(* In the full subcategory $\mathbf{Sys}_0(L)$ of $T_0$ affine systems, the embeddings are exactly the monomorphisms.
   Context: Fix a variety $\mathbf{A}$ of algebras (full subcategory of the category of $\Omega$-algebras and homomorphisms closed under products, subalgebras and homomorphic images) in which every algebra is non-empty (standing assumptions also include set-indexed coproducts and a free algebra over a singleton). Fix an $\mathbf{A}$-algebra $L$ with more than one element; $L^X$ is the power algebra. An affine system is $(X,\kappa,A)$ with $X$ a set, $A$ an algebra, $\kappa:A\to L^X$ a homomorphism; a morphism $(f,\varphi):(X_1,\kappa_1,A_1)\to(X_2,\kappa_2,A_2)$ is a map $f:X_1\to X_2$ with a homomorphism $\varphi:A_2\to A_1$ such that $\kappa_1(\varphi(a))(x)=\kappa_2(a)(f(x))$ for all $a\in A_2,x\in X_1$; composition $(g,\psi)\circ(f,\varphi)=(g\circ f,\varphi\circ\psi)$. A system is $T_0$ if for all $x,y\in X$, $\kappa(a)(x)=\kappa(a)(y)$ for all $a\in A$ implies $x=y$; $\mathbf{Sys}_0(L)$ is the full subcategory of $T_0$ systems, concrete over $\mathbf{Set}\times\mathbf{A}^{op}$. A morphism $(f,\varphi):C_1\to C_2$ of $\mathbf{Sys}_0(L)$ is initial if for every $T_0$ system $C_3=(X_3,\kappa_3,A_3)$ and every map $g:X_3\to X_1$ and homomorphism $\psi:A_1\to A_3$ such that $(f\circ g,\psi\circ\varphi)$ is a morphism $C_3\to C_2$, the pair $(g,\psi)$ is a morphism $C_3\to C_1$. An embedding is an initial morphism with $f$ injective and $\varphi$ an epimorphism in $\mathbf{A}$. *)

Set Implicit Arguments.

Record signature := Signature { Op : Type; ar : Op -> Type }.

Record alg (S : signature) := Alg {
  carrier :> Type;
  op : forall o : Op S, (ar S o -> carrier) -> carrier }.
Arguments op {S} a o _.

Definition is_hom {S : signature} (A B : alg S) (h : A -> B) : Prop :=
  forall (o : Op S) (args : ar S o -> A),
    h (op A o args) = op B o (fun i => h (args i)).

Definition prod_alg {S : signature} {I : Type} (F : I -> alg S) : alg S :=
  @Alg S (forall i, F i) (fun o args i => op (F i) o (fun j => args j i)).

Definition power {S : signature} (L : alg S) (X : Type) : alg S :=
  prod_alg (fun _ : X => L).

(* A variety: a class of algebras closed under products, subalgebras
   (= algebras admitting an injective homomorphism into a member; only
   non-empty ones, as all algebras of the variety are non-empty) and
   homomorphic images (= codomains of surjective homomorphisms). *)
Definition variety {S : signature} (V : alg S -> Prop) : Prop :=
  (forall (I : Type) (F : I -> alg S), (forall i, V (F i)) -> V (prod_alg F)) /\
  (forall (A B : alg S) (h : B -> A), is_hom B A h ->
      (forall x y, h x = h y -> x = y) -> inhabited (carrier B) -> V A -> V B) /\
  (forall (A B : alg S) (h : A -> B), is_hom A B h ->
      (forall y, exists x, h x = y) -> V A -> V B).

(* Standing assumptions: every algebra is non-empty, set-indexed
   coproducts exist and a free algebra over a singleton exists. *)
Definition standing {S : signature} (V : alg S -> Prop) : Prop :=
  (forall A : alg S, V A -> inhabited (carrier A)) /\
  (forall (I : Type) (F : I -> alg S), (forall i, V (F i)) ->
     exists (C : alg S) (inj : forall i, F i -> C),
       V C /\ (forall i, is_hom (F i) C (inj i)) /\
       forall (D : alg S), V D -> forall (h : forall i, F i -> D),
         (forall i, is_hom (F i) D (h i)) ->
         (exists u : C -> D, is_hom C D u /\ forall i x, u (inj i x) = h i x) /\
         (forall u1 u2 : C -> D, is_hom C D u1 -> is_hom C D u2 ->
            (forall i x, u1 (inj i x) = h i x) ->
            (forall i x, u2 (inj i x) = h i x) -> forall z, u1 z = u2 z)) /\
  (exists (F : alg S) (e : carrier F), V F /\
     forall (D : alg S), V D -> forall d : D,
       (exists u : F -> D, is_hom F D u /\ u e = d) /\
       (forall u1 u2 : F -> D, is_hom F D u1 -> is_hom F D u2 ->
          u1 e = d -> u2 e = d -> forall z, u1 z = u2 z)).

Record system {S : signature} (L : alg S) := System {
  sX : Type;
  sA : alg S;
  skappa : sA -> sX -> L }.
Arguments sX {S L} s.
Arguments sA {S L} s.
Arguments skappa {S L} s _ _.

Definition T0 {S : signature} {L : alg S} (C : system L) : Prop :=
  forall x y : sX C, (forall a : sA C, skappa C a x = skappa C a y) -> x = y.

Definition sys0 {S : signature} (V : alg S -> Prop) {L : alg S}
    (C : system L) : Prop :=
  V (sA C) /\ is_hom (sA C) (power L (sX C)) (skappa C) /\ T0 C.

Definition is_morph {S : signature} {L : alg S} (C1 C2 : system L)
    (f : sX C1 -> sX C2) (phi : sA C2 -> sA C1) : Prop :=
  is_hom (sA C2) (sA C1) phi /\
  forall (a : sA C2) (x : sX C1), skappa C1 (phi a) x = skappa C2 a (f x).

Definition epi_alg {S : signature} (V : alg S -> Prop) (A B : alg S)
    (phi : A -> B) : Prop :=
  forall (D : alg S), V D -> forall h1 h2 : B -> D,
    is_hom B D h1 -> is_hom B D h2 ->
    (forall a, h1 (phi a) = h2 (phi a)) -> forall b, h1 b = h2 b.

Definition initial {S : signature} (V : alg S -> Prop) {L : alg S}
    (C1 C2 : system L) (f : sX C1 -> sX C2) (phi : sA C2 -> sA C1) : Prop :=
  forall C3 : system L, sys0 V C3 ->
  forall (g : sX C3 -> sX C1) (psi : sA C1 -> sA C3),
    is_hom (sA C1) (sA C3) psi ->
    is_morph C3 C2 (fun x => f (g x)) (fun a => psi (phi a)) ->
    is_morph C3 C1 g psi.

Definition embedding {S : signature} (V : alg S -> Prop) {L : alg S}
    (C1 C2 : system L) (f : sX C1 -> sX C2) (phi : sA C2 -> sA C1) : Prop :=
  initial V C1 C2 f phi /\
  (forall x y, f x = f y -> x = y) /\
  epi_alg V (sA C2) (sA C1) phi.

(* Monomorphism in Sys_0(L); composition is (f,phi)o(g,psi) = (f o g, psi o phi),
   and morphisms are compared extensionally. *)
Definition mono_sys0 {S : signature} (V : alg S -> Prop) {L : alg S}
    (C1 C2 : system L) (f : sX C1 -> sX C2) (phi : sA C2 -> sA C1) : Prop :=
  forall C3 : system L, sys0 V C3 ->
  forall (g1 g2 : sX C3 -> sX C1) (psi1 psi2 : sA C1 -> sA C3),
    is_morph C3 C1 g1 psi1 -> is_morph C3 C1 g2 psi2 ->
    (forall x, f (g1 x) = f (g2 x)) ->
    (forall b, psi1 (phi b) = psi2 (phi b)) ->
    (forall x, g1 x = g2 x) /\ (forall a, psi1 a = psi2 a).

(* A monomorphism (f, phi) can be tested against two systems of [Sys_0(L)].
   Probing with a system whose point set is empty, morphisms from it into [C1]
   are just homomorphisms out of [sA C1], so [phi] is an epimorphism of the variety.
   Probing with the one-point system [(1, id, L)], a morphism from it into [C1]
   is a point [x] of [C1] together with evaluation at [x], so [f] is injective.
   Finally, an epimorphic [phi] makes [(f, phi)] initial: the two
   homomorphisms [a |-> kappa3 (psi a) x] and [a |-> kappa1 a (g x)] into [L]
   agree after [phi]. *)

From Stdlib Require Import FunctionalExtensionality.

Set Implicit Arguments.

Lemma is_hom_comp {S : signature} (A B C : alg S) (h1 : A -> B) (h2 : B -> C) :
  is_hom A B h1 -> is_hom B C h2 -> is_hom A C (fun a => h2 (h1 a)).
Proof. intros H1 H2 o args. rewrite H1, H2. reflexivity. Qed.

Lemma is_hom_eval {S : signature} (A L : alg S) (X : Type) (k : A -> power L X) :
  is_hom A (power L X) k -> forall x : X, is_hom A L (fun a => k a x).
Proof. intros Hk x o args. rewrite Hk. reflexivity. Qed.

Section ProbeSystems.

Context {S : signature} {V : alg S -> Prop} {L : alg S}.

Definition empty_system (D : alg S) : system L :=
  @System S L Empty_set D (fun _ e => match e with end).

Lemma sys0_empty_system {D : alg S} : V D -> sys0 V (empty_system D).
Proof.
  intros HD. split; [exact HD | split].
  - intros o args. apply functional_extensionality_dep. intros [].
  - intros [].
Qed.

Lemma is_morph_from_empty_system {D : alg S} {C : system L} {h : sA C -> D} :
  is_hom (sA C) D h ->
  is_morph (empty_system D) C (fun e : Empty_set => match e with end) h.
Proof. intros Hh. split; [exact Hh | intros a []]. Qed.

Definition point_system : system L := @System S L unit L (fun l _ => l).

Lemma sys0_point_system : V L -> sys0 V point_system.
Proof.
  intros HL. split; [exact HL | split].
  - intros o args. reflexivity.
  - intros [] [] _. reflexivity.
Qed.

Lemma is_morph_point_system {C : system L} (x : sX C) :
  is_hom (sA C) (power L (sX C)) (skappa C) ->
  is_morph point_system C (fun _ => x) (fun a => skappa C a x).
Proof. intros Hk. split; [exact (is_hom_eval Hk x) | reflexivity]. Qed.

End ProbeSystems.

Section Monomorphisms.

Variables (S : signature) (V : alg S -> Prop) (L : alg S) (C1 C2 : system L).
Variables (f : sX C1 -> sX C2) (phi : sA C2 -> sA C1).

Lemma mono_sys0_epi_alg :
  mono_sys0 V C1 C2 f phi -> epi_alg V (sA C2) (sA C1) phi.
Proof.
  intros Hmono D HD h1 h2 Hh1 Hh2 Heq.
  exact (proj2 (Hmono _ (sys0_empty_system (L := L) HD) _ _ h1 h2
                  (is_morph_from_empty_system Hh1) (is_morph_from_empty_system Hh2)
                  (fun e => match e with end) Heq)).
Qed.

Lemma mono_sys0_inj :
  V L -> is_hom (sA C1) (power L (sX C1)) (skappa C1) ->
  is_morph C1 C2 f phi -> mono_sys0 V C1 C2 f phi ->
  forall x y, f x = f y -> x = y.
Proof.
  intros HL Hk1 [_ Hm] Hmono x y Hxy.
  refine (proj1 (Hmono _ (sys0_point_system HL) _ _ _ _
                   (is_morph_point_system x Hk1) (is_morph_point_system y Hk1)
                   (fun _ => Hxy) _) tt).
  intros b. cbn. rewrite !Hm, Hxy. reflexivity.
Qed.

Lemma epi_alg_initial :
  V L -> is_hom (sA C1) (power L (sX C1)) (skappa C1) ->
  is_morph C1 C2 f phi -> epi_alg V (sA C2) (sA C1) phi ->
  initial V C1 C2 f phi.
Proof.
  intros HL Hk1 [_ Hm] Hepi C3 [_ [Hk3 _]] g psi Hpsi [_ Hm3].
  split; [exact Hpsi |]. intros a x.
  refine (Hepi L HL (fun a => skappa C3 (psi a) x) (fun a => skappa C1 a (g x))
            (is_hom_comp Hpsi (is_hom_eval Hk3 x)) (is_hom_eval Hk1 (g x)) _ a).
  intros b. cbn. rewrite Hm3, Hm. reflexivity.
Qed.

Lemma embedding_mono_sys0 : embedding V C1 C2 f phi -> mono_sys0 V C1 C2 f phi.
Proof.
  intros [_ [Hinj Hepi]] C3 [HA3 _] g1 g2 psi1 psi2 [Hp1 _] [Hp2 _] Hg Hpsi.
  split.
  - intros x. exact (Hinj _ _ (Hg x)).
  - exact (Hepi _ HA3 _ _ Hp1 Hp2 Hpsi).
Qed.

End Monomorphisms.

Theorem proposition12 (S : signature) (V : alg S -> Prop)
  (HV : variety V) (Hst : standing V)
  (L : alg S) (HL : V L) (HL2 : exists l1 l2 : carrier L, l1 <> l2)
  (C1 C2 : system L) (H1 : sys0 V C1) (H2 : sys0 V C2)
  (f : sX C1 -> sX C2) (phi : sA C2 -> sA C1) (Hm : is_morph C1 C2 f phi) :
  embedding V C1 C2 f phi <-> mono_sys0 V C1 C2 f phi.
Proof.
  destruct H1 as [_ [Hk1 _]].
  split; [apply embedding_mono_sys0 |].
  intros Hmono.
  pose proof (mono_sys0_epi_alg Hmono) as Hepi.
  exact (conj (epi_alg_initial HL Hk1 Hm Hepi)
              (conj (mono_sys0_inj HL Hk1 Hm Hmono) Hepi)).
Qed.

● ● ●

EXERCISE OBJECTIVE: In the listing above, find the line containing "is_hom A B h1" and the line containing "is_hom (sA C) (power L (sX C)) (skappa C) ->". Output them and every line between, exactly, and nothing else.

WRITTEN ANSWER:
  is_hom A B h1 -> is_hom B C h2 -> is_hom A C (fun a => h2 (h1 a)).
Proof. intros H1 H2 o args. rewrite H1, H2. reflexivity. Qed.

Lemma is_hom_eval {S : signature} (A L : alg S) (X : Type) (k : A -> power L X) :
  is_hom A (power L X) k -> forall x : X, is_hom A L (fun a => k a x).
Proof. intros Hk x o args. rewrite Hk. reflexivity. Qed.

Section ProbeSystems.

Context {S : signature} {V : alg S -> Prop} {L : alg S}.

Definition empty_system (D : alg S) : system L :=
  @System S L Empty_set D (fun _ e => match e with end).

Lemma sys0_empty_system {D : alg S} : V D -> sys0 V (empty_system D).
Proof.
  intros HD. split; [exact HD | split].
  - intros o args. apply functional_extensionality_dep. intros [].
  - intros [].
Qed.

Lemma is_morph_from_empty_system {D : alg S} {C : system L} {h : sA C -> D} :
  is_hom (sA C) D h ->
  is_morph (empty_system D) C (fun e : Empty_set => match e with end) h.
Proof. intros Hh. split; [exact Hh | intros a []]. Qed.

Definition point_system : system L := @System S L unit L (fun l _ => l).

Lemma sys0_point_system : V L -> sys0 V point_system.
Proof.
  intros HL. split; [exact HL | split].
  - intros o args. reflexivity.
  - intros [] [] _. reflexivity.
Qed.

Lemma is_morph_point_system {C : system L} (x : sX C) :
  is_hom (sA C) (power L (sX C)) (skappa C) ->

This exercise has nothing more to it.